On 3/26/19 9:07 AM, Finn Herpich wrote:
> Hi Nicolas,
>
> thanks for the long write up. I'm indeed working with a lot of C# in
> the last year, but that is a pure accident, to reproduce the
> SecureString-class was not my intention.
> I'm totally aware of the problems you are listing, but sadly I've to
> handle sensitive information which force me to reduce the attack
> surface to a bare minimum for certain values. If an attacker has full
> access to my process, as you said, it is game over; However I'm trying
> to reduce the points in time where a value could get leaked to a
> pagefile or whatever you can think of to be recovered later by memory
> forensics and such. I know that I'm limit to how the OS handles
> memory, memory access rights within the system, etc. and I've talked
> to multiple penetration testers/security analysts in the past few weeks.
>
> So coming from that requirement I did some tests with char arrays in
> java which I at least could overwrite quickly enough to minimize the
> points in time where it could be read and wasn't able to find any
> traces left in memory (as you also mentioned with the .fill method).
> However using OpenJFX controls I found my inputs multiple times in
> memory afterwards, which lead me to the
> com.sun.javafx.tk.quantum.GlassViewEventHandler class where the input
> event is converted into a string and I somehow have the impression
> that it would be some major work to get this out of the event flow for
> a specialized control.
>
> In the worst case I've to go back to C++, where it is hard to write
> secure code, or Rust/Go which don't have such a wonderful and easy
> deployable cross platform GUI like Java does with openjfx.
>
> Cheers,
> Finn
>
> On 26.03.19 12:49, Nicolas Therrien wrote:
> > Hi Finn,
> >
> > I assume you are coming from a C# background and looking for a
> > SecureString equivalent in Java. Check out this:
> > https://github.com/OWASP/passfault/blob/master/core/src/main/java/org/owasp/passfault/impl/SecureString.java \
> >
> >
> > You could write your own javafx component with OWASP SecureString and
> > achieve the same result as in C#.
> >
> > Hopefully this answers your question.
> >
> > That being said, what you said about being faster than garbage
> > collection and again assuming you had SecureString in mind, makes me
> > think you might not really understand the purpose of SecureString in
> > C#. It does NOT guarantee that an attacker would not be able to see
> > the string if they had access to the application's runtime memory.

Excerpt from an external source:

(* Let $(\chi_1,u_1)$ and $(\chi_2,u_2)$ be rooted realizable chirotopes. Then their join $(\chi_3,u_3)=(\chi_1,u_1)\vee(\chi_2,u_2)$ is a rooted realizable chirotope; that is, $\chi_3$ is a realizable chirotope and $u_3$ is an extreme element of $\chi_3$.
   Context: For a finite set $E$, $(E)_3$ is the set of ordered triples of distinct elements of $E$. A sign function on $E$ is a map $\chi:(E)_3\to\{-1,1\}$ with $\chi(x,y,z)=\chi(y,z,x)=\chi(z,x,y)=-\chi(z,y,x)=-\chi(y,x,z)=-\chi(x,z,y)$. A chirotope on $E$ is a sign function that moreover satisfies: (interiority) for distinct $t,x,y,z$, if $\chi(t,y,z)=\chi(x,t,z)=\chi(x,y,t)=1$ then $\chi(x,y,z)=1$; (transitivity) for distinct $s,t,x,y,z$, if $\chi(t,s,x)=\chi(t,s,y)=\chi(t,s,z)=\chi(x,y,t)=\chi(y,z,t)=1$ then $\chi(x,z,t)=1$. A chirotope is realizable if there are points $\mathfrak p_e\in\mathbb R^2$ ($e\in E$), no three collinear, such that $\chi(x,y,z)=1$ iff $\mathfrak p_x,\mathfrak p_y,\mathfrak p_z$ are in counterclockwise order. An element $x$ is extreme if there is $y\ne x$ such that $\chi(x,y,z)$ takes the same value for all $z\in E\setminus\{x,y\}$. A rooted chirotope is a pair $(\chi,u)$ with $\chi$ a chirotope on $X\cup\{u\}$ and $u\notin X$ an extreme element; it is realizable if $\chi$ is. For a rooted chirotope, $u^+$ (resp. $u^-$), the successor (resp. predecessor) of $u$ in counterclockwise order on the convex hull, is the element $y$ with $\chi(u,y,z)=1$ (resp. $\chi(y,u,z)=1$) for all $z\notin\{u,y\}$. Join: given rooted chirotopes $(\chi_1,u_1)$ on $X_1\cup\{u_1\}$ and $(\chi_2,u_2)$ on $X_2\cup\{u_2\}$, let $X_3$ be the disjoint union of $X_1$ and $X_2$ in which $u_1^-$ and $u_2^+$ are identified into one element $x_0$ (so $X_1,X_2\subseteq X_3$ with $X_1\cap X_2=\{x_0\}$), and let $u_3$ be a new element. The join $(\chi_3,u_3)$ has $\chi_3$ the sign function on $X_3\cup\{u_3\}$ determined (using symmetry) by: for $x,y,z\in X_3$, $\chi_3(x,y,z)=\chi_1(x,y,z)$ if $x,y,z\in X_1$; $=\chi_2(x,y,z)$ if $x,y,z\in X_2$; $=\chi_1(x,y,u_1)$ if $x,y\in X_1$ and $z\in X_2\setminus\{u_2^+\}$; $=\chi_2(u_2,y,z)$ if $x\in X_1\setminus\{u_1^-\}$ and $y,z\in X_2$; and for $x,y\in X_3$, $\chi_3(x,y,u_3)=\chi_1(x,y,u_1)$ if $x,y\in X_1$; $=\chi_2(x,y,u_2)$ if $x,y\in X_2$; $=1$ if $x\in X_1\setminus\{u_1^-\}$ and $y\in X_2\setminus\{u_2^+\}$. (These rules are consistent and determine $\chi_3$ on all triples.) *)

From mathcomp Require Import all_boot.
From Stdlib Require Import Reals.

> > Think about it: if you can TYPE your password, there was a byte array
> > containing your clear text password before it was put in the
> > SecureString. And then if you can USE that password (during a
> > database connection), there was a byte array containing your clear
> > text password when you sent it to the driver. A simple breakpoint in
> > the right spot and a heap dump would reveal your password, always.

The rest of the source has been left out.